A obra também pode ser lida seletivamente: partes específicas, como os capítulos sobre simpatia, virtude ou justiça, podem ser estudadas isoladamente sem comprometer a compreensão geral.


Teoria dos Sentimentos Morais é uma obra-prima da filosofia moral e uma chave de leitura essencial para se compreender o verdadeiro pensamento de Adam Smith. Mais do que um precursor da economia liberal, Smith foi um pensador profundo e sutil, que buscou compreender como os seres humanos, apesar de sua limitação e interesse próprio, são capazes de construir uma vida moral e uma sociedade justa.

Ao colocar a simpatia e o espectador imparcial no centro da vida ética, Smith antecipa questões ainda debatidas na filosofia, na psicologia e na política.
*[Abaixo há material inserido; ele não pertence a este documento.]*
(* For all positive integers $l,m,n$, the multigraph $K_{m,n}^l$ is an abelian $G$-graph.
   Context: $K_{m,n}^l$ is the loopless multigraph with vertex set partitioned into a part of $m$ vertices and a part of $n$ vertices, in which every vertex of the first part is joined to every vertex of the second part by exactly $l$ parallel edges, and there are no other edges. For a group $G$ and a multiset $S$ of elements of $G$, $\Phi(G,S)$ is the multigraph whose vertex set is the union over the members $s$ of $S$ (with multiplicity) of $V_s=\{\langle s\rangle x: x\in G\}$ (right cosets), with, for $\langle s\rangle x\in V_s$, $\langle t\rangle y\in V_t$, $s,t$ distinct members of $S$, one edge labeled $g$ between them for each $g\in\langle s\rangle x\cap\langle t\rangle y$, and no other edges. An abelian $G$-graph is a multigraph isomorphic (ignoring labels) to $\Phi(G,S)$ for some abelian group $G$ and multiset $S$. *)

From mathcomp Require Import all_boot all_fingroup.
Set Implicit Arguments. Unset Strict Implicit. Unset Printing Implicit Defensive.
Import GroupScope.

(* A finite loopless multigraph is given by a finite vertex type V and an
   edge-multiplicity function mult : V -> V -> nat (mult u v = number of
   edges between u and v). *)

Definition mg_iso (V1 V2 : finType) (m1 : V1 -> V1 -> nat) (m2 : V2 -> V2 -> nat) :=
  exists f : V1 -> V2, bijective f /\ forall u v, m2 (f u) (f v) = m1 u v.

Definition Kmnl_mult (l m n : nat) (u v : 'I_m + 'I_n) : nat :=
  match u, v with
  | inl _, inr _ => l
  | inr _, inl _ => l
  | _, _ => 0
  end.

Arguments Kmnl_mult : clear implicits.

(* Phi(G,S), S a multiset of size k given as a k-tuple.  The vertex set is the
   disjoint union (indexed by positions in S, i.e. with multiplicity) of the
   sets V_s of right cosets <s>x. *)
Definition Phi_vert (gT : finGroupType) (k : nat) (S : k.-tuple gT) :=
  {p : 'I_k * {set gT} | p.2 \in rcosets <[tnth S p.1]> [set: gT]}.

Definition Phi_mult (gT : finGroupType) (k : nat) (S : k.-tuple gT)
  (u v : Phi_vert S) : nat :=
  if (val u).1 != (val v).1 then #|(val u).2 :&: (val v).2| else 0.

Definition abelian_Ggraph (V : finType) (mult : V -> V -> nat) : Prop :=
  exists (gT : finGroupType) (k : nat) (S : k.-tuple gT),
    abelian [set: gT] /\ mg_iso mult (@Phi_mult gT k S).

From mathcomp Require Import all_boot all_fingroup zmodp cyclic.
Set Implicit Arguments. Unset Strict Implicit. Unset Printing Implicit Defensive.
Import GroupScope.

(* If s and t generate a finite group G with <s><t> = G, then every coset of
   <s> meets every coset of <t> in exactly |<s> ∩ <t>| elements, so Phi(G,[s;t])
   is K^l_{m,n} with l = |<s> ∩ <t>| and m, n the indices of <s> and <t>.  For
   an element e of order lmn, the commuting pair s = (e^m, 1), t = (e^n, e^(ln))
   of G x G has |<s>| = ln, |<t>| = lm and <s> ∩ <t> = <t^m> of order l, which
   gives indices m and n in the (abelian) group they generate. *)

Lemma inj_surj_bij (T1 T2 : finType) (f : T1 -> T2) :
  injective f -> (forall y, exists x, f x = y) -> bijective f.
Proof.
move=> f_inj f_surj; apply: inj_card_bij => //.
rewrite -(card_codom f_inj); apply/subset_leq_card/subsetP=> y _.
by have [x <-] := f_surj y; apply: codom_f.
Qed.

Lemma card_rcosetsI (gT : finGroupType) (A B : {group gT}) X Y :
  A * B = [set: gT] -> X \in rcosets A [set: gT] -> Y \in rcosets B [set: gT] ->
  #|X :&: Y| = #|A :&: B|.
Proof.
move=> AB /rcosetsP[x _ ->] /rcosetsP[y _ ->].
have /mulsgP[a b Aa Bb xy_ab] : x * y^-1 \in A * B by rewrite AB inE.
have xA : a^-1 * x \in A :* x by rewrite mem_rcoset -mulgA mulgV mulg1 groupV.
have xB : a^-1 * x \in B :* y by rewrite mem_rcoset -mulgA xy_ab mulKg.
rewrite -(rcoset_eqP xA) -(rcoset_eqP xB) -(card_rcoset (A :&: B) (a^-1 * x)).
by apply: eq_card => z; rewrite !inE !mem_rcoset inE.
Qed.

Section PhiOfGeneratingPair.

Variables (gT : finGroupType) (s t : gT).
Hypothesis mulST : <[s]> * <[t]> = [set: gT].

Let m := #|[set: gT] : <[s]>|.
Let n := #|[set: gT] : <[t]>|.

Definition Kmnl_to_Phi (u : 'I_m + 'I_n) : Phi_vert [tuple s; t] :=
  match u with
  | inl i => exist _ (ord0, enum_val i) (enum_valP i)
  | inr j => exist _ (ord_max, enum_val j) (enum_valP j)
  end.

Lemma Kmnl_to_Phi_inj : injective Kmnl_to_Phi.
Proof. by case=> [i|j] [i'|j'] //= [] // /enum_val_inj ->. Qed.

Lemma Kmnl_to_Phi_surj v : exists u, Kmnl_to_Phi u = v.
Proof.
case: v => [[i X] vX].
have [i0 | i1] : i = ord0 \/ i = ord_max.
  by case: i {vX} => [[|[|//]] ?]; [left | right]; apply: val_inj.
- subst i; exists (inl (enum_rank_in vX X)).
  by apply: val_inj; rewrite /= enum_rankK_in.
- subst i; exists (inr (enum_rank_in vX X)).
  by apply: val_inj; rewrite /= enum_rankK_in.
Qed.

Lemma Phi_mult_Kmnl_to_Phi u v :
  Phi_mult (Kmnl_to_Phi u) (Kmnl_to_Phi v) = Kmnl_mult #|<[s]> :&: <[t]>| m n u v.
Proof.
rewrite /Phi_mult; case: u => [i|j]; case: v => [i'|j'] //=.
- exact: card_rcosetsI (enum_valP _) (enum_valP _).
- by rewrite setIC; apply: card_rcosetsI (enum_valP _) (enum_valP _).
Qed.

Lemma Kmnl_iso_Phi_pair :
  mg_iso (Kmnl_mult #|<[s]> :&: <[t]>| m n) (Phi_mult (S := [tuple s; t])).
Proof.
exists Kmnl_to_Phi; split; last exact: Phi_mult_Kmnl_to_Phi.
exact: inj_surj_bij Kmnl_to_Phi_inj Kmnl_to_Phi_surj.
Qed.

End PhiOfGeneratingPair.

(* Phi takes cosets in the whole group type, so <s><t> is turned into a group
   type of its own with [subg]. *)
Lemma commuting_pair_Ggraph (gT : finGroupType) (s t : gT) :
  commute s t ->
  abelian_Ggraph (Kmnl_mult #|<[s]> :&: <[t]>| #|<[t]> : <[s]>| #|<[s]> : <[t]>|).
Proof.
move=> cst; pose K := (<[s]> <*> <[t]>)%G.
have sK : <[s]> \subset K := joing_subl _ _.
have tK : <[t]> \subset K := joing_subr _ _.
have cTS : <[t]> \subset 'C(<[s]>) := cents_cycle (esym cst).
have defK : K :=: <[s]> * <[t]> := cent_joinEr cTS.
have mulTS : <[s]> * <[t]> = <[t]> * <[s]>.
  by rewrite normC // cents_norm // centsC.
have injK := injm_subg K.
have im_cycle x : <[x]> \subset K -> subg K @* <[x]> = <[subg K x]>.
  by rewrite cycle_subG => Kx; rewrite morphim_cycle.
have <- : #|<[subg K s]> :&: <[subg K t]>| = #|<[s]> :&: <[t]>|.
  by rewrite -!im_cycle // -injmI // card_injm // subIset ?sK.
have <- : #|[subg K] : <[subg K s]>| = #|<[t]> : <[s]>|.
  by rewrite -im_subg -im_cycle // index_injm // defK indexMg.
have <- : #|[subg K] : <[subg K t]>| = #|<[s]> : <[t]>|.
  by rewrite -im_subg -im_cycle // index_injm // defK mulTS indexMg.
exists (subg_of K), 2, [tuple subg K s; subg K t]; split.
  by rewrite -im_subg morphim_abelian // abelianY !cycle_abelian.
apply: Kmnl_iso_Phi_pair.
by rewrite -!im_cycle // -morphimMl // -defK im_subg.
Qed.

Lemma expg_pair (gT1 gT2 : finGroupType) (x : gT1) (y : gT2) k :
  (x, y) ^+ k = (x ^+ k, y ^+ k).
Proof. by elim: k => // k IHk; rewrite !expgS IHk. Qed.

Lemma order_pair (gT1 gT2 : finGroupType) (x : gT1) (y : gT2) :
  #[(x, y)] = lcmn #[x] #[y].
Proof.
have pair_eq1 k : ((x, y) ^+ k == 1) = (#[x] %| k) && (#[y] %| k).
  by rewrite expg_pair !order_dvdn.
apply/eqP; rewrite eqn_dvd order_dvdn pair_eq1 dvdn_lcml dvdn_lcmr /=.
by rewrite dvdn_lcm -pair_eq1 expg_order.
Qed.

Section PowerPair.

Variables (gT : finGroupType) (e : gT) (l m n : nat).
Hypothesis order_e : #[e] = (l * m * n)%N.

Let lmn_gt0 : 0 < l * m * n. Proof. by rewrite -order_e order_gt0. Qed.
Let l_gt0 : 0 < l. Proof. by move: lmn_gt0; rewrite !muln_gt0 => /andP[/andP[]]. Qed.
Let m_gt0 : 0 < m. Proof. by move: lmn_gt0; rewrite !muln_gt0 => /andP[/andP[]]. Qed.
Let n_gt0 : 0 < n. Proof. by move: lmn_gt0; rewrite !muln_gt0 => /andP[/andP[]]. Qed.

Let s : gT * gT := (e ^+ m, 1).
Let t : gT * gT := (e ^+ n, e ^+ (l * n)).

Lemma order_pair_s : #[s] = (l * n)%N.
Proof.
have m_dvd_e : m %| #[e] by rewrite order_e mulnAC dvdn_mull.
by rewrite order_pair order1 lcmn1 orderXdiv // order_e mulnAC mulnK.
Qed.

Lemma order_pair_t : #[t] = (l * m)%N.
Proof.
have n_dvd_e : n %| #[e] by rewrite order_e dvdn_mull.
have ln_dvd_e : l * n %| #[e] by rewrite order_e mulnAC dvdn_mulr.
rewrite order_pair !orderXdiv // order_e mulnK // mulnAC mulKn ?muln_gt0 ?l_gt0 //.
by apply/lcmn_idPl; apply: dvdn_mull.
Qed.

Lemma pair_tXm : t ^+ m = s ^+ n.
Proof.
rewrite !expg_pair -!expgM expg1n mulnC; congr (_, _).
by rewrite mulnAC -order_e expg_order.
Qed.

Lemma cycle_pair_sIt : <[s]> :&: <[t]> = <[t ^+ m]>.
Proof.
have tm_s : <[t ^+ m]> \subset <[s]> by rewrite pair_tXm cycleX.
apply/eqP; rewrite eqEsubset subsetI tm_s cycleX !andbT.
apply/subsetP=> _ /setIP[/cycleP[a ->] /cycleP[b sa_tb]].
have /dvdnP[c b_cm] : m %| b.
  move/(congr1 snd): sa_tb; rewrite !expg_pair /= expg1n -expgM => /esym/eqP.
  by rewrite -order_dvdn order_e mulnAC dvdn_pmul2l ?muln_gt0 ?l_gt0.
by rewrite sa_tb b_cm mulnC expgM mem_cycle.
Qed.

Lemma card_cycle_pair_sIt : #|<[s]> :&: <[t]>| = l.
Proof.
rewrite cycle_pair_sIt -orderE orderXdiv order_pair_t ?dvdn_mull //.
by rewrite mulnK.
Qed.

Lemma power_pair_Ggraph : abelian_Ggraph (Kmnl_mult l m n).
Proof.
have cst : commute s t.
  by apply: (congr2 pair); [apply: commuteX2 | rewrite mul1g mulg1].
have := commuting_pair_Ggraph cst.
rewrite -!divgI [<[t]> :&: _]setIC card_cycle_pair_sIt -!orderE order_pair_t order_pair_s.
by rewrite !mulKn.
Qed.

End PowerPair.

Theorem proposition6 (l m n : nat) :
  0 < l -> 0 < m -> 0 < n -> abelian_Ggraph (Kmnl_mult l m n).
Proof.
move=> l_gt0 m_gt0 n_gt0; apply: (@power_pair_Ggraph _ (Zp1 : 'I_(l * m * n).-1.+1)).
by rewrite order_Zp1 prednK // !muln_gt0 l_gt0 m_gt0.
Qed.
Em tempos de individualismo exacerbado e desconfiança social, seu convite a pensar a ética como algo enraizado na experiência comum do outro soa mais atual do que nunca.

Ler Teoria dos Sentimentos Morais é mergulhar em uma meditação profunda sobre o que significa ser humano em sociedade — e descobrir que a economia, a moral e a política estão, no fundo, entrelaçadas por aquilo que sentimos uns pelos outros.


Até mais!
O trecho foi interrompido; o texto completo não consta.